Noted: Gabriel Josipovici

Leafing through Gabriel Josipovici's novel Moo Pak for the purposes of wrapping up my brief notes on that novel, I happened upon this passage, late in the book, which I remember, but which in the wake of some of the anthropological stuff I've been reading jumped out at me even more:
The whole history of language and of human culture, he said, is to be found in the decision to renounce the immediate pleasure for the long-term benefit. Aaaaah to Ma-Ma, as Roman Jakobson has so well described it. The task of art, on the other hand, he said, is to find a way of returning to the Aaaah! but in such a way that it can be grasped by others, that it enters the sphere of the social. Is it a coincidence do you think, he said, that both Jakobson and Chomsky are Jews? That Chomsky's first published work was on the Hebrew language? I am of course not suggesting that Hebrew was the original language or is closer to the origins of language than any other language, just as I am not suggesting that Jews were the first at anything whatsoever. I am only wondering out loud, as others must have wondered, though no-one has, to my knowledge, put such ideas into print, for obvious reasons. Nonetheless, he said, the power of Chomsky's work has perhaps retarded rather than advanced our understanding of the origins of human language. For, like so many thinkers before him, but now in full awareness of what he is doing, Chomsky has found the means of cutting man off from his past and so from all other animals. There is a fierce rationality about Chomsky, he said, which more than one commentator, taking up hints in his own writing, has compared to that of Descartes. I myself, he said, prefer to see it as a Jewish trait, like the burning intellectual intensity of a Spinoza or a Wittgenstein.

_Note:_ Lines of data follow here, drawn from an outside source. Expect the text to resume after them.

(* Let $n \ge k \ge 2$ be integers, let $B^n$ be the open unit ball in $\mathbb{R}^n$, and fix $y \in B^n$. Define the vector field $W$ on $B^n \setminus \{y\}$ as follows, writing $Q(x) = \frac{1-2\langle x,y\rangle + |y|^2}{|x-y|^2}$ (note $Q(x) \geq 1$ on $B^n\setminus\{y\}$). For $k>2$, \[ W(x) = -\frac{1}{k}\big(Q(x)^{\frac{k}{2}} - 1\big)(x-y) + \frac{1}{k-2}\big(Q(x)^{\frac{k-2}{2}} - 1\big)\, y, \] and for $k=2$, \[ W(x) = -\frac{1}{2}\big(Q(x) - 1\big)(x-y) + \frac{1}{2}\log\big(Q(x)\big)\, y. \] Then for every point $x \in B^n \setminus \{y\}$ and every orthonormal $k$-frame $\{e_1,\dots,e_k\} \subset \mathbb{R}^n$, \[ \sum_{i=1}^k \langle D_{e_i} W, e_i\rangle \leq 1, \] where $D$ denotes the standard directional derivative in $\mathbb{R}^n$. *)

From HB Require Import structures.
From mathcomp Require Import all_boot all_order all_algebra.
From mathcomp Require Import all_classical all_reals all_analysis.
Set Implicit Arguments. Unset Strict Implicit. Unset Printing Implicit Defensive.
Import Order.TTheory GRing.Theory Num.Theory.
Import numFieldNormedType.Exports.
Local Open Scope ring_scope.

Definition dotv {R : realType} {n : nat} (u v : 'rV[R]_n) : R :=
  \sum_(j < n) u 0 j * v 0 j.

Definition Qfun {R : realType} {n : nat} (y x : 'rV[R]_n) : R :=
  (1 - 2 * dotv x y + dotv y y) / dotv (x - y) (x - y).

Definition Wfield {R : realType} {n : nat} (k : nat) (y x : 'rV[R]_n)
  : 'rV[R]_n :=
  if (2 < k)%N then
    (- (k%:R)^-1 * (powR (Qfun y x) (k%:R / 2) - 1)) *: (x - y)
    + ((k%:R - 2)^-1 * (powR (Qfun y x) ((k%:R - 2) / 2) - 1)) *: y
  else
    (- 2^-1 * (Qfun y x - 1)) *: (x - y) + (2^-1 * ln (Qfun y x)) *: y.

From HB Require Import structures.
From mathcomp Require Import all_boot all_order all_algebra.
From mathcomp Require Import all_classical all_reals all_analysis.
From mathcomp Require Import ring lra.
Import Order.TTheory GRing.Theory Num.Theory.
Import numFieldNormedType.Exports.
Local Open Scope ring_scope.

(* W(x) = a(Q)(x - y) + b(Q) y, where in both cases b' = -a'/Q and
   -2 Q a'(Q) = P := Q^(k/2).  Along any direction e, Q has derivative
   -2 (Q <x-y,e> + <y,e>) / |x-y|^2, so the chain rule gives
   <D_e W, e> = a(Q) |e|^2 + P (Q^2 <x-y,e>^2 - <y,e>^2) / (Q^2 |x-y|^2).
   Summing over an orthonormal frame, dropping the terms <y,e_i>^2 and
   bounding sum_i <x-y,e_i>^2 by |x-y|^2 (Bessel) leaves at most
   k a(Q) + P = (1 - P) + P = 1. *)

Section Dotv.
Context {R : realType} {n : nat}.
Implicit Types u v w : 'rV[R]_n.

Lemma dotvC u v : dotv u v = dotv v u.
Proof. by apply: eq_bigr => j _; rewrite mulrC. Qed.

Lemma dotvDl u v w : dotv (u + v) w = dotv u w + dotv v w.
Proof. by rewrite /dotv -big_split; apply: eq_bigr => j _; rewrite mxE mulrDl. Qed.

Lemma dotvZl (a : R) u w : dotv (a *: u) w = a * dotv u w.
Proof. by rewrite /dotv mulr_sumr; apply: eq_bigr => j _; rewrite mxE mulrA. Qed.

Lemma dotvBl u v w : dotv (u - v) w = dotv u w - dotv v w.
Proof. by rewrite -scaleN1r dotvDl dotvZl mulN1r. Qed.

Lemma dotvDr u v w : dotv w (u + v) = dotv w u + dotv w v.
Proof. by rewrite dotvC dotvDl !(dotvC w). Qed.

Lemma dotvZr (a : R) u w : dotv w (a *: u) = a * dotv w u.
Proof. by rewrite dotvC dotvZl dotvC. Qed.

Lemma dotvBr u v w : dotv w (u - v) = dotv w u - dotv w v.
Proof. by rewrite dotvC dotvBl !(dotvC w). Qed.

Lemma dotv_suml (k : nat) (F : 'I_k -> 'rV[R]_n) w :
  dotv (\sum_(i < k) F i) w = \sum_(i < k) dotv (F i) w.
Proof.
rewrite /dotv exchange_big; apply: eq_bigr => j _.
by rewrite summxE mulr_suml.
Qed.

Lemma dotv_ge0 u : 0 <= dotv u u.
Proof. by apply: sumr_ge0 => j _; rewrite -expr2 sqr_ge0. Qed.

Lemma dotv_gt0 u : u != 0 -> 0 < dotv u u.
Proof.
move=> u0; rewrite lt_def dotv_ge0 andbT; apply: contra u0 => /eqP u2_0.
have sq0 j : u 0 j ^+ 2 = 0.
  apply: (psumr_eq0P (P := xpredT) (fun j _ => sqr_ge0 (u 0 j)) _ isT).
  by rewrite -[RHS]u2_0; apply: eq_bigr => l _; rewrite expr2.
apply/eqP/matrixP => i j; rewrite ord1 mxE.
by have /eqP := sq0 j; rewrite expf_eq0 => /eqP.
Qed.

Lemma dotv_bessel {k} {e : 'I_k -> 'rV[R]_n}
    (he : forall i j, dotv (e i) (e j) = (i == j)%:R) d :
  \sum_(i < k) dotv d (e i) ^+ 2 <= dotv d d.
Proof.
set p := \sum_(i < k) dotv d (e i) *: e i.
have p_ei i : dotv p (e i) = dotv d (e i).
  rewrite dotv_suml (bigD1 i) //= dotvZl he eqxx mulr1 big1 ?addr0 //.
  by move=> j /negbTE ji; rewrite dotvZl he ji mulr0.
have p_d : dotv p d = \sum_(i < k) dotv d (e i) ^+ 2.
  by rewrite dotv_suml; apply: eq_bigr => i _; rewrite dotvZl dotvC expr2.
have p_p : dotv p p = \sum_(i < k) dotv d (e i) ^+ 2.
  rewrite {2}/p dotvC dotv_suml; apply: eq_bigr => i _.
  by rewrite dotvZl (dotvC (e i)) p_ei expr2.
have := dotv_ge0 (d - p).
rewrite dotvBl !dotvBr (dotvC d p) p_d p_p; lra.
Qed.

Lemma sum_dotv_frame_le {k} {e : 'I_k -> 'rV[R]_n}
    (he : forall i j, dotv (e i) (e j) = (i == j)%:R) (d y : 'rV[R]_n) {a c Q : R} :
  0 < Q -> 0 < dotv d d -> 0 <= c ->
  \sum_(i < k) (a * dotv (e i) (e i)
     + 2 * c * (Q ^+ 2 * dotv d (e i) ^+ 2 - dotv y (e i) ^+ 2) / (Q * dotv d d))
  <= k%:R * a + 2 * c * Q.
Proof.
move=> Q_gt0 r2_gt0 c_ge0; set r2 := dotv d d.
have cQ_ge0 : 0 <= 2 * c * Q / r2.
  by rewrite divr_ge0 ?mulr_ge0 ?(ltW Q_gt0) ?(ltW r2_gt0).
apply: (@le_trans _ _ (\sum_(i < k) (a + 2 * c * Q / r2 * dotv d (e i) ^+ 2))).
  apply: ler_sum => i _; rewrite he eqxx mulr1 lerD2l.
  rewrite (_ : _ / _ = 2 * c * Q / r2 * dotv d (e i) ^+ 2
                       - 2 * c / (Q * r2) * dotv y (e i) ^+ 2); last first.
    by field; rewrite !gt_eqF.
  rewrite gerBl mulr_ge0 ?sqr_ge0 //.
  by rewrite divr_ge0 ?mulr_ge0 ?(ltW Q_gt0) ?(ltW r2_gt0).
rewrite big_split /= sumr_const card_ord -mulr_sumr -(mulr_natl a k) lerD2l.
apply: le_trans (ler_wpM2l cQ_ge0 (dotv_bessel he d)) _.
by rewrite divfK // gt_eqF.
Qed.

End Dotv.

Section DirectionalDerivative.
Context {R : realType} {V W : normedModType R}.
Local Open Scope classical_set_scope.

Lemma is_deriveZfun (f : V -> R) (g : V -> W) (x v : V) (df : R) (dg : W) :
  is_derive x v f df -> is_derive x v g dg ->
  is_derive x v (fun z => f z *: g z) (f x *: dg + df *: g x).
Proof.
move=> [fd <-] [gd <-].
have Lfg : (fun h => h^-1 *: (((fun z => f z *: g z) \o shift x) (h *: v)
                               - f x *: g x))
    @ 0^' --> f x *: 'D_v g x + 'D_v f x *: g x.
  rewrite [X in X @ _](_ : _ = fun h =>
      f (h *: v + x) *: (h^-1 *: ((g \o shift x) (h *: v) - g x))
      + (h^-1 *: ((f \o shift x) (h *: v) - f x)) *: g x); last first.
    apply/funext => h /=.
    by rewrite !scalerBr !scalerBl !scalerA [f (_ + x) * _]mulrC addrA subrK.
  apply: cvgD; last exact: cvgZr_tmp fd.
  apply: cvg_comp2 (@scale_continuous _ _ (_, _)) => /=; last exact: gd.
  suff : {for 0, continuous (fun h : R => f (h *: v + x))}.
    by move=> /continuous_withinNx; rewrite scale0r add0r.
  exact/differentiable_continuous/derivable1_diffP/(derivable1P _ _ _).1.
by apply: DeriveDef; [apply/cvg_ex; eexists; exact: Lfg | exact: cvg_lim Lfg].
Qed.

Lemma is_derive1P (f : V -> W) (x v : V) (df : W) :
  is_derive x v f df <-> is_derive (0 : R) 1 (fun h : R => f (h *: v + x)) df.
Proof.
have quotE : (fun h : R => h^-1 *: ((f \o shift x) (h *: v) - f x)) =
    (fun h => h^-1 *: (((fun h => f (h *: v + x)) \o shift 0) (h *: 1)
                        - f (0 *: v + x))).
  by apply/funext => h /=; rewrite addr0 scale0r add0r [_%:A]mulr1.
split=> -[d <-]; split; rewrite /derivable /derive //;
  by [rewrite quotE | rewrite -quotE].
Qed.

End DirectionalDerivative.
Arguments is_deriveZfun {R V W f g x v df dg}.

Definition Qfield {R : realType} {n : nat} (a b : R -> R) (y z : 'rV[R]_n) :
  'rV[R]_n := a (Qfun y z) *: (z - y) + b (Qfun y z) *: y.

Section Qfield.
Context {R : realType} {n : nat}.
Context {y x : 'rV[R]_n} (xy : x != y).
Implicit Types e : 'rV[R]_n.

Let r2_gt0 : 0 < dotv (x - y) (x - y).
Proof. by rewrite dotv_gt0 // subr_eq0. Qed.

Lemma Qfun_gt0 : dotv x x < 1 -> 0 < Qfun y x.
Proof.
move=> x1; rewrite /Qfun.
rewrite (_ : 1 - _ + _ = dotv (x - y) (x - y) + (1 - dotv x x)); last first.
  by rewrite dotvBl !dotvBr (dotvC y x); ring.
by apply: divr_gt0 => //; apply: addr_gt0 => //; rewrite subr_gt0.
Qed.

Lemma is_derive_Qfun e :
  is_derive x e (Qfun y)
    (- 2 * (Qfun y x * dotv (x - y) e + dotv y e) / dotv (x - y) (x - y)).
Proof.
apply/is_derive1P.
set r2 := dotv (x - y) (x - y); set A := dotv y e; set B := dotv (x - y) e.
set N0 := 1 - 2 * dotv x y + dotv y y.
have -> : (fun t : R => Qfun y (t *: e + x)) =
    (fun t => N0 - 2 * A * t) * (fun t => (r2 + 2 * B * t + dotv e e * t ^+ 2)^-1).
  apply/funext => t; rewrite /Qfun /= -(addrA (t *: e)) (dotvDl (t *: e) x).
  rewrite (dotvDl (t *: e) (x - y)) !(dotvDr (t *: e) (x - y)) !dotvZl !dotvZr.
  rewrite (dotvC e y) (dotvC e (x - y)) -/A -/B -/r2 -/N0.
  by congr (_ * _^-1); rewrite ?/N0; ring.
have D0 : r2 + 2 * B * 0 + dotv e e * 0 ^+ 2 != 0.
  by rewrite mulr0 expr0n /= mulr0 !addr0 gt_eqF.
apply: is_derive_eq.
rewrite /Qfun -/N0 -/r2 !mulr0 expr0n /= !mulr0 !addr0 /GRing.scale /=.
by field; rewrite gt_eqF.
Qed.

Lemma is_derive_Qfield {a b : R -> R} {da db : R} e :
  is_derive (Qfun y x) 1 a da -> is_derive (Qfun y x) 1 b db ->
  let dQ := - 2 * (Qfun y x * dotv (x - y) e + dotv y e) / dotv (x - y) (x - y) in
  is_derive x e (Qfield a b y)
    (a (Qfun y x) *: e + (da * dQ) *: (x - y) + (db * dQ) *: y).
Proof.
move=> a' b' dQ; apply/is_derive1P.
pose q t := Qfun y (t *: e + x).
have /is_derive1P Qline : is_derive x e (Qfun y) dQ := is_derive_Qfun e.
have Q0 : q 0 = Qfun y x by rewrite /q scale0r add0r.
rewrite -Q0 in a' b'.
have line : is_derive (0 : R) 1 (fun t : R => t *: e + (x - y)) e.
  have := is_deriveD
    (is_deriveZfun (is_derive_id (0 : R) 1) (is_derive_cst e (0 : R) 1))
    (is_derive_cst (x - y) (0 : R) 1).
  by rewrite scaler0 add0r scale1r addr0.
have a_line := is_deriveZfun (is_derive1_comp (g := q) a' Qline) line.
have b_line :=
  is_deriveZfun (is_derive1_comp (g := q) b' Qline) (is_derive_cst y (0 : R) 1).
rewrite (_ : (fun t => _) =
    (fun t : R => a (q t) *: (t *: e + (x - y)) + b (q t) *: y)); last first.
  by apply/funext => t; rewrite /Qfield addrA.
apply: is_derive_eq.
by rewrite /= /q scale0r scaler0 !add0r.
Qed.

Lemma derive_Qfield_dot {a b : R -> R} {c : R} e : Qfun y x != 0 ->
    is_derive (Qfun y x) 1 a (- c) -> is_derive (Qfun y x) 1 b (c / Qfun y x) ->
  dotv ('D_e (Qfield a b y) x) e =
    a (Qfun y x) * dotv e e
    + 2 * c * (Qfun y x ^+ 2 * dotv (x - y) e ^+ 2 - dotv y e ^+ 2)
      / (Qfun y x * dotv (x - y) (x - y)).
Proof.
move=> Q_neq0 a' b'.
have [_ ->] := is_derive_Qfield e a' b'.
rewrite [dotv (_ + _ *: y) e]dotvDl [dotv (_ *: e + _) e]dotvDl !dotvZl.
by field; rewrite Q_neq0 gt_eqF.
Qed.

End Qfield.

Section Wcoef.
Context {R : realType}.
Variables (k : nat).
Hypothesis k_ge2 : (2 <= k)%N.

Definition Wa (q : R) : R :=
  if (2 < k)%N then - (k%:R)^-1 * (q `^ (k%:R / 2) - 1) else - 2^-1 * (q - 1).

Definition Wb (q : R) : R :=
  if (2 < k)%N then (k%:R - 2)^-1 * (q `^ ((k%:R - 2) / 2) - 1)
  else 2^-1 * ln q.

Lemma WfieldE {n} (y : 'rV[R]_n) : Wfield k y = Qfield Wa Wb y.
Proof. by apply/funext => z; rewrite /Wfield /Qfield /Wa /Wb; case: ifP. Qed.

Let k_neq0 : (k%:R : R) != 0.
Proof. by rewrite pnatr_eq0 -lt0n (leq_trans _ k_ge2). Qed.

Let k_eq2 : ~~ (2 < k)%N -> k = 2%N.
Proof. by rewrite -leqNgt => k_le2; apply/eqP; rewrite eqn_leq k_le2. Qed.

Lemma mulr_Wa (q : R) : 0 <= q -> k%:R * Wa q = 1 - q `^ (k%:R / 2).
Proof.
move=> q_ge0.
rewrite /Wa; case: ifPn => [_|/k_eq2 ->]; first by field.
by rewrite divff // powRr1 //; field.
Qed.

Lemma is_derive_Wa (q : R) : 0 < q -> is_derive q 1 Wa (- (q `^ (k%:R / 2) / (2 * q))).
Proof.
move=> q_gt0; rewrite /Wa; case: (boolP (2 < k)%N) => [k_gt2|/k_eq2 k2] /=.
  have := is_deriveZ (- k%:R^-1) (is_deriveB (is_derive1_powR (k%:R / 2) q_gt0)
                                     (is_derive_cst (1 : R) q 1)).
  move/is_derive_eq; apply.
  rewrite subr0 powRB; last by apply/implyP => _; rewrite gt_eqF.
  by rewrite (powRr1 (ltW q_gt0)) /GRing.scale /=; field; rewrite gt_eqF.
apply: is_derive_eq.
by rewrite k2 divff // (powRr1 (ltW q_gt0)) subr0 /GRing.scale /=; field; rewrite gt_eqF.
Qed.

Lemma is_derive_Wb (q : R) : 0 < q -> is_derive q 1 Wb (q `^ (k%:R / 2) / (2 * q) / q).
Proof.
move=> q_gt0; rewrite /Wb; case: (boolP (2 < k)%N) => [k_gt2|/k_eq2 k2] /=.
  have k2_neq0 : (k%:R - 2 : R) != 0 by rewrite subr_eq0 gt_eqF // ltr_nat.
  have := is_deriveZ ((k%:R - 2)^-1)
    (is_deriveB (is_derive1_powR ((k%:R - 2) / 2) q_gt0) (is_derive_cst (1 : R) q 1)).
  move/is_derive_eq; apply.
  rewrite subr0 (_ : (k%:R - 2) / 2 - 1 = k%:R / 2 - 2%:R); last by field.
  rewrite powRB; last by apply/implyP => _; rewrite gt_eqF.
  by rewrite (powR_mulrn _ (ltW q_gt0)) /GRing.scale /=; field; rewrite gt_eqF.
have := is_deriveZ (2^-1) (is_derive1_ln q_gt0).
move/is_derive_eq; apply.
by rewrite k2 divff // (powRr1 (ltW q_gt0)) /GRing.scale /=; field; rewrite gt_eqF.
Qed.

End Wcoef.
Arguments mulr_Wa {R k} k_ge2 {q}.
Arguments is_derive_Wa {R k} k_ge2 {q}.
Arguments is_derive_Wb {R k} k_ge2 {q}.

(* Only |x| < 1 matters, through Q(x) > 0. *)
Theorem lemma2p1 (R : realType) (n k : nat) (hk : (2 <= k)%N) (hkn : (k <= n)%N)
  (y : 'rV[R]_n) (hy : dotv y y < 1)
  (x : 'rV[R]_n) (hx : dotv x x < 1) (hxy : x != y)
  (e : 'I_k -> 'rV[R]_n)
  (he : forall i j : 'I_k, dotv (e i) (e j) = (i == j)%:R) :
  \sum_(i < k) dotv ('D_(e i) (Wfield k y) x) (e i) <= 1.
Proof.
have Q_gt0 := Qfun_gt0 hxy hx.
have r2_gt0 : 0 < dotv (x - y) (x - y) by rewrite dotv_gt0 // subr_eq0.
set P := Qfun y x `^ (k%:R / 2).
have c_ge0 : 0 <= P / (2 * Qfun y x).
  by rewrite divr_ge0 ?powR_ge0 // mulr_ge0 // ltW.
rewrite WfieldE.
under eq_bigr => i _ do rewrite (derive_Qfield_dot hxy _ (lt0r_neq0 Q_gt0)
  (is_derive_Wa hk Q_gt0) (is_derive_Wb hk Q_gt0)).
apply: le_trans (sum_dotv_frame_le he _ _ Q_gt0 r2_gt0 c_ge0) _.
rewrite (mulr_Wa hk (ltW Q_gt0)) -/P.
have -> : 2 * (P / (2 * Qfun y x)) * Qfun y x = P by field; rewrite gt_eqF.
by rewrite subrK.
Qed.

But if he is to be compared to Wittgenstein, he said, it has to be to the young Wittgenstein, for though Wittgenstein lost none of his intensity as he grew older he came to see that our confusions and failures are at least as important as our triumphs and successes and as much in need of explanation. Confusion for Descartes, on the other hand, he said, is something to be eliminated, much as Luther and Calvin wished to eliminate sin. But I am with the later Wittgenstein in this, Jack said, that I believe we eliminate sin and confusion at the cost of eliminating our humanity. On the other hand, he said, we should obviously not make a fetish of failure and confusion.